--- Data listing Enclosed Below ---
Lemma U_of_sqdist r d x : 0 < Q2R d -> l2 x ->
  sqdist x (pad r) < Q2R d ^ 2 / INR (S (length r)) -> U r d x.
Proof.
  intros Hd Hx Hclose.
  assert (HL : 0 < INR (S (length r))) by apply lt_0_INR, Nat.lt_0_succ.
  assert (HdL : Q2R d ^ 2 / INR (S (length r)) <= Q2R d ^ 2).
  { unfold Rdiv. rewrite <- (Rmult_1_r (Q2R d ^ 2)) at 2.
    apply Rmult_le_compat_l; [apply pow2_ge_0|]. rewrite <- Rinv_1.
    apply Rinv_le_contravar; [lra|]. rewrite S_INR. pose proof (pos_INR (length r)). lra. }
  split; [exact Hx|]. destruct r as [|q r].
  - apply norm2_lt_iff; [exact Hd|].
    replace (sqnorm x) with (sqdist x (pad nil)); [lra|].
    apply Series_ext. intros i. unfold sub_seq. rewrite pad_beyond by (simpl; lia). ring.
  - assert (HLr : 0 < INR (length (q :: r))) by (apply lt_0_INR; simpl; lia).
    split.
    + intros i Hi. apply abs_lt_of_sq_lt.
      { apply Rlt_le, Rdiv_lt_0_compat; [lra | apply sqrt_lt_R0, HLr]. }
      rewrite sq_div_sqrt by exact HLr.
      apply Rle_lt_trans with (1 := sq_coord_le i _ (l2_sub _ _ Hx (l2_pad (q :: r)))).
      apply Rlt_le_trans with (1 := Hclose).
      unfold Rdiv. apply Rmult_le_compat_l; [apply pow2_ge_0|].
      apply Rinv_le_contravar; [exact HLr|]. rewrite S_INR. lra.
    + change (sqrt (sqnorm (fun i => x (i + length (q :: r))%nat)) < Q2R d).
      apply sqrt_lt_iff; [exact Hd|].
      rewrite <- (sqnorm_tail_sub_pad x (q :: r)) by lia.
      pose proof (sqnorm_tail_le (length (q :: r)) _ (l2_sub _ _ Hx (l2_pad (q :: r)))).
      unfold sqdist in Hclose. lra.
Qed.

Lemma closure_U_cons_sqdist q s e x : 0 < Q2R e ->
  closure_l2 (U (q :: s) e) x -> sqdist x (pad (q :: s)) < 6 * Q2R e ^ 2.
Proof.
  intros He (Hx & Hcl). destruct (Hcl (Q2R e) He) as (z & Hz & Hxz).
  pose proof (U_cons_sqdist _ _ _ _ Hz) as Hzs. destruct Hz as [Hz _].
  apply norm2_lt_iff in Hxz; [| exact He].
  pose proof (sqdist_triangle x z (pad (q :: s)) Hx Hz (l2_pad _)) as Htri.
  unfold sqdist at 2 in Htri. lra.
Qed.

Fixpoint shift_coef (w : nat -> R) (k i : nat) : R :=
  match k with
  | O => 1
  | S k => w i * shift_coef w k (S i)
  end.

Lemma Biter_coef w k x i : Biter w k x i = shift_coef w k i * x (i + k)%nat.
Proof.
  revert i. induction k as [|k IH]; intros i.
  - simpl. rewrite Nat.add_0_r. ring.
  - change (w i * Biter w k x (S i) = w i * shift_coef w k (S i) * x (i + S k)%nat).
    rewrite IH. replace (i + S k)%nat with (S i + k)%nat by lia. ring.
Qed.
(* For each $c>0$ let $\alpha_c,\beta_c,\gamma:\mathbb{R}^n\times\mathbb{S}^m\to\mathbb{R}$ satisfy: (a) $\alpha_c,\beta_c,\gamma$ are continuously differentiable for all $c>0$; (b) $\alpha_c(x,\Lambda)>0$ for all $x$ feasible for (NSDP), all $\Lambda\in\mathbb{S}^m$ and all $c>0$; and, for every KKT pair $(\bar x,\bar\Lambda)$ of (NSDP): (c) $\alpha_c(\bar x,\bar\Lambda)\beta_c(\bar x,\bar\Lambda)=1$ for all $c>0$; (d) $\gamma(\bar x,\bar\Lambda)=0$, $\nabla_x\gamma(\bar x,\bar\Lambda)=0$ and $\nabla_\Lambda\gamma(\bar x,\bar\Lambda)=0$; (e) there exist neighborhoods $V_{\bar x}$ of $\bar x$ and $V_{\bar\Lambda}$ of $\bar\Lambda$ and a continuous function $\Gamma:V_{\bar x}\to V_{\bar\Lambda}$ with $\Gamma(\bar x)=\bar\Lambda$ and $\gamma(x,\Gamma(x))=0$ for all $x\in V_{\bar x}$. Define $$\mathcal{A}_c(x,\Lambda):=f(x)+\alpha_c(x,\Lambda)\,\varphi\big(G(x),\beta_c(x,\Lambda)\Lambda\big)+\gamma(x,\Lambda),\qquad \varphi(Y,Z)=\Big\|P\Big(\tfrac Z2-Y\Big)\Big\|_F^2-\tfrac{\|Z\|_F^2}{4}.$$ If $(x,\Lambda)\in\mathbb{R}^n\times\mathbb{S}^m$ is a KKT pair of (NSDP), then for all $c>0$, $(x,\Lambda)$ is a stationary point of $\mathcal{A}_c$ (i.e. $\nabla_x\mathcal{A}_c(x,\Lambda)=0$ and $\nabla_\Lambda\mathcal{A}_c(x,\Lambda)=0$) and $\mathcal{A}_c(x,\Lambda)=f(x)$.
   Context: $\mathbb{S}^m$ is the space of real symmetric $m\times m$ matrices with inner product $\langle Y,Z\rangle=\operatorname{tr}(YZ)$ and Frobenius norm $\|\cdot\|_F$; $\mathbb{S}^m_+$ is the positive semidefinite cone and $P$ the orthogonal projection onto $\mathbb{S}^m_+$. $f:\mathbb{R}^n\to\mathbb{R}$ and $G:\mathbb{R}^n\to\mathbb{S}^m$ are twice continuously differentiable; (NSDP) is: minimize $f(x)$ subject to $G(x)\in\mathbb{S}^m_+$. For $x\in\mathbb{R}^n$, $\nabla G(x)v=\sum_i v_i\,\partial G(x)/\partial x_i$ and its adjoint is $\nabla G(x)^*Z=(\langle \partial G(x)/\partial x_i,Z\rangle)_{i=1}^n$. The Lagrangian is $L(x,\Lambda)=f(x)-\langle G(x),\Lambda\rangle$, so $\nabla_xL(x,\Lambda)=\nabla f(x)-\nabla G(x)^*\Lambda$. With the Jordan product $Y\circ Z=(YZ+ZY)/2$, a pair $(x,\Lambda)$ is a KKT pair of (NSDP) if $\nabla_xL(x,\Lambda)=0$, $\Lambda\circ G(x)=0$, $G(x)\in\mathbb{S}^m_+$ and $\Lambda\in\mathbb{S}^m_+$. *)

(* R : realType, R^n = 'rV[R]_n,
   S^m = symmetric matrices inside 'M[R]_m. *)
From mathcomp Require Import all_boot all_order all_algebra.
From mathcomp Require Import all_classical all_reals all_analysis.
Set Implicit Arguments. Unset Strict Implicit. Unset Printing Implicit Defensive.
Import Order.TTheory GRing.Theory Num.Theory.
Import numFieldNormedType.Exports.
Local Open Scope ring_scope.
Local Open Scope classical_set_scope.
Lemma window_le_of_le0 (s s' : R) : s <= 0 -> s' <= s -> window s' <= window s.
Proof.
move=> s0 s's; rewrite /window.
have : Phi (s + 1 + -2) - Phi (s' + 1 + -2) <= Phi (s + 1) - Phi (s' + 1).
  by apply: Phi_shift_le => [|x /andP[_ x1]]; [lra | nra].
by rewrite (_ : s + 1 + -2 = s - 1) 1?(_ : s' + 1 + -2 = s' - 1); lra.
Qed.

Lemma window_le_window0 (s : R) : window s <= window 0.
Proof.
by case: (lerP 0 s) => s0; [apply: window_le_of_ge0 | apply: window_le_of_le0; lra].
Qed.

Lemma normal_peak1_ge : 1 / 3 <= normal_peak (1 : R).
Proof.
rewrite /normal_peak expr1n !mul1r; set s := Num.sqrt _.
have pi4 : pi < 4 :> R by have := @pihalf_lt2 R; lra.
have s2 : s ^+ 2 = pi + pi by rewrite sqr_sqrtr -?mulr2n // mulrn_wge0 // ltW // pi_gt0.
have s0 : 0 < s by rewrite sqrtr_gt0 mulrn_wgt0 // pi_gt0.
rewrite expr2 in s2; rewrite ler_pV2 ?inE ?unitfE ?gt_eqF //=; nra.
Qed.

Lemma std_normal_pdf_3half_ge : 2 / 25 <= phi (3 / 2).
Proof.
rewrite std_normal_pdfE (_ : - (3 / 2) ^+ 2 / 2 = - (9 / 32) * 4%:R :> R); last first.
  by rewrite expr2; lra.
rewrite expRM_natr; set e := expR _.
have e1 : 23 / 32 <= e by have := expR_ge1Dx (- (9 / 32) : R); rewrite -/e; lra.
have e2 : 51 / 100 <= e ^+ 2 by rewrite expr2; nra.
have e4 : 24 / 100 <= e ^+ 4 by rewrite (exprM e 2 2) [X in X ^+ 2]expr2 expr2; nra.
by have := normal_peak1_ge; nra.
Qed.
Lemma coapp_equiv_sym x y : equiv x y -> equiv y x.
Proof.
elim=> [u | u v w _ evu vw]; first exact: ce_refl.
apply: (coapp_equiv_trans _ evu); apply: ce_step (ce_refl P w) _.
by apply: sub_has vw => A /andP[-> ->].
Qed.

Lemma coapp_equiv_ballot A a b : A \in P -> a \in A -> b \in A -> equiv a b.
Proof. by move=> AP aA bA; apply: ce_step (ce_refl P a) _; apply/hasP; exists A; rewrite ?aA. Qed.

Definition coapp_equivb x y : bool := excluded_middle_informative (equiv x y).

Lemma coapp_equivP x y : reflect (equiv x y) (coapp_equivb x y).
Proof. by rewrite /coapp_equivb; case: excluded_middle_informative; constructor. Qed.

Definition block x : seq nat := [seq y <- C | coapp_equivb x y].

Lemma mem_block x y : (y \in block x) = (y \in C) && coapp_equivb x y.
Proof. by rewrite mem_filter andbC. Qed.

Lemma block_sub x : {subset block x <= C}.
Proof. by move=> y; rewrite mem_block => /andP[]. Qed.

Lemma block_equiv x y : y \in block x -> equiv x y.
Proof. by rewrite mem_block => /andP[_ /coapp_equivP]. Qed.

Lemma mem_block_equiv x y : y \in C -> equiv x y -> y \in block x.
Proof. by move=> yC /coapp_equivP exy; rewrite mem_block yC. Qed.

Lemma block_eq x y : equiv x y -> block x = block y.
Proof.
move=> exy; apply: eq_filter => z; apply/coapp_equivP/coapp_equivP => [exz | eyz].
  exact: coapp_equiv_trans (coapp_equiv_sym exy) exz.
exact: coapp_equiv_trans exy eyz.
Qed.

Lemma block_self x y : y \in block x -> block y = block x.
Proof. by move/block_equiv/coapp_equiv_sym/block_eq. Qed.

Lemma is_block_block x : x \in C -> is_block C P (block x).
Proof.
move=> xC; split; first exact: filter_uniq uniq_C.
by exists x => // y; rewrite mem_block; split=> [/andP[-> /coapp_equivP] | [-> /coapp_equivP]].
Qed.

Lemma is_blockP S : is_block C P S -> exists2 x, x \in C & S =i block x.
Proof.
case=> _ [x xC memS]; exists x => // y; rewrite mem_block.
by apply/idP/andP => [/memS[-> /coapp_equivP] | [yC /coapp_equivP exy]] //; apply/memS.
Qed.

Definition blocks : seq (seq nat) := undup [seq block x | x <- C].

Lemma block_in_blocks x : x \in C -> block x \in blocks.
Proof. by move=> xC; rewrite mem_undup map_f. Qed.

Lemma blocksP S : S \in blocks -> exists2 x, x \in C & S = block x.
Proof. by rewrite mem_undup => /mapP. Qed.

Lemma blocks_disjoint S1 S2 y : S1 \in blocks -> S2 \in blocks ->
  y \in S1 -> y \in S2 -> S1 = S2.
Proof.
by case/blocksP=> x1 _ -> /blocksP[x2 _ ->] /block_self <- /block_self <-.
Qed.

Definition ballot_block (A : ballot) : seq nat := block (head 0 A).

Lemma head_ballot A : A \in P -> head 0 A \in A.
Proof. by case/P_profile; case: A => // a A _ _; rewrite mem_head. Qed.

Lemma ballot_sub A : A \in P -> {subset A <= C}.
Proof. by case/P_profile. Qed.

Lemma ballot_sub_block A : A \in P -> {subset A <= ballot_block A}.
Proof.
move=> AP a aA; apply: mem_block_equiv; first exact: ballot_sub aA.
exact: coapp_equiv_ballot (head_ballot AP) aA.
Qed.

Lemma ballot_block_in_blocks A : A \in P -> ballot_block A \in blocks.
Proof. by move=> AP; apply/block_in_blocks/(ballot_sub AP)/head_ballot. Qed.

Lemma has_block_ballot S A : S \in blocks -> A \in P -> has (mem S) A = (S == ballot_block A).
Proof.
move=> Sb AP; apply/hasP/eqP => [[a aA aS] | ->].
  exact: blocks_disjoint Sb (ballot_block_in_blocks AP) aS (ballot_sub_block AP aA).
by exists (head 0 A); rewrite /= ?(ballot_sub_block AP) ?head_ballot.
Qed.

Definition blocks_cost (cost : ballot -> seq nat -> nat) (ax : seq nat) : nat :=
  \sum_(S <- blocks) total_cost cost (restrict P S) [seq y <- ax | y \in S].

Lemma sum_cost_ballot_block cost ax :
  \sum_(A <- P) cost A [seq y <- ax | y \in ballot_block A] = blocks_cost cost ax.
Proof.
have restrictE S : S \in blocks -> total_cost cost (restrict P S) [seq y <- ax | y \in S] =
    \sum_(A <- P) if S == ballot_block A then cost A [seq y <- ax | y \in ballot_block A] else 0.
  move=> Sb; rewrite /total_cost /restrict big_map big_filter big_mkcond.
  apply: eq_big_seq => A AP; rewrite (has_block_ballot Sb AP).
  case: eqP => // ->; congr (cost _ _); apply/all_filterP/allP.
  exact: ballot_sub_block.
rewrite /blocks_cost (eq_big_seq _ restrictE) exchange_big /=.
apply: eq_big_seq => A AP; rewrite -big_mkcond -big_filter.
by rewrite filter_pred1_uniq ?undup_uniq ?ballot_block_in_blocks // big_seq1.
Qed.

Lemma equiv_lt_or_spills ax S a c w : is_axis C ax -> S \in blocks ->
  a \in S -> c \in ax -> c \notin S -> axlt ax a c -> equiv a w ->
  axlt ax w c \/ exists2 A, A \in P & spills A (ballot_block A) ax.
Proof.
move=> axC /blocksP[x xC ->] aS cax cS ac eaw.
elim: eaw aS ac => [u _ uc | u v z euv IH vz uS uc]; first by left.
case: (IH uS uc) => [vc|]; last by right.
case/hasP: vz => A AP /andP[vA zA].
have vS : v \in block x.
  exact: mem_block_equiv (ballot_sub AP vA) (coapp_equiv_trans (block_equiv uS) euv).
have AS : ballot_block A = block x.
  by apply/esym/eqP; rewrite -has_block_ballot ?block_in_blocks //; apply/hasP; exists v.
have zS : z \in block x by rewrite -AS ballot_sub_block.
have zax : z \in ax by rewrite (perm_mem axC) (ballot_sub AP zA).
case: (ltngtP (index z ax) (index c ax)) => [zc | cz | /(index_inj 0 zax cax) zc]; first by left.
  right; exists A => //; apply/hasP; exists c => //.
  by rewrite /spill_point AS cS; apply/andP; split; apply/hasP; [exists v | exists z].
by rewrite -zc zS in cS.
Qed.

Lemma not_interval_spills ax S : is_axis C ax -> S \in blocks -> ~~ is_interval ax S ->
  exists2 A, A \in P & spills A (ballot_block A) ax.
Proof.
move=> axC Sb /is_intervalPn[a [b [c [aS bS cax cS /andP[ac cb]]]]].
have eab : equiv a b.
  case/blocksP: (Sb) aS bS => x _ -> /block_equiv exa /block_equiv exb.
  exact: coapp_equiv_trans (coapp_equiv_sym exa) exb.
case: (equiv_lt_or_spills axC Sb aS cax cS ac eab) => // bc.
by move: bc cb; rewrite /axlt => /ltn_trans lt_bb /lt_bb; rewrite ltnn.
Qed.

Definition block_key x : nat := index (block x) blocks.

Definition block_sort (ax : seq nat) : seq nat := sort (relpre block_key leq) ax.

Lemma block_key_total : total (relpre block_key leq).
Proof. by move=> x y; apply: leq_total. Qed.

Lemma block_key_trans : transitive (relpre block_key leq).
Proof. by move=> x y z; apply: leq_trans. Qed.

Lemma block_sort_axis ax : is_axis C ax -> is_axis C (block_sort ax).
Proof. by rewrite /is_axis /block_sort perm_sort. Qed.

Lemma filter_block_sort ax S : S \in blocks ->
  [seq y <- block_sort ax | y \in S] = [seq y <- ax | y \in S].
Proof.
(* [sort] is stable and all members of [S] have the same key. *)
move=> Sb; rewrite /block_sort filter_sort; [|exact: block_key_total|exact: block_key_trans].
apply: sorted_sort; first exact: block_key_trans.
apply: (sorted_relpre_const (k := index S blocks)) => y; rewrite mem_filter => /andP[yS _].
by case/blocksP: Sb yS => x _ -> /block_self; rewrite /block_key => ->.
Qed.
--- End of Enclosed Data listing ---
**Task prompt**
Transcribe, word for word, the data above from its first line through the line with "apply Series_ext. intros", and include nothing else.

**Final answer**
Lemma U_of_sqdist r d x : 0 < Q2R d -> l2 x ->
  sqdist x (pad r) < Q2R d ^ 2 / INR (S (length r)) -> U r d x.
Proof.
  intros Hd Hx Hclose.
  assert (HL : 0 < INR (S (length r))) by apply lt_0_INR, Nat.lt_0_succ.
  assert (HdL : Q2R d ^ 2 / INR (S (length r)) <= Q2R d ^ 2).
  { unfold Rdiv. rewrite <- (Rmult_1_r (Q2R d ^ 2)) at 2.
    apply Rmult_le_compat_l; [apply pow2_ge_0|]. rewrite <- Rinv_1.
    apply Rinv_le_contravar; [lra|]. rewrite S_INR. pose proof (pos_INR (length r)). lra. }
  split; [exact Hx|]. destruct r as [|q r].
  - apply norm2_lt_iff; [exact Hd|].
    replace (sqnorm x) with (sqdist x (pad nil)); [lra|].
    apply Series_ext. intros i. unfold sub_seq. rewrite pad_beyond by (simpl; lia). ring.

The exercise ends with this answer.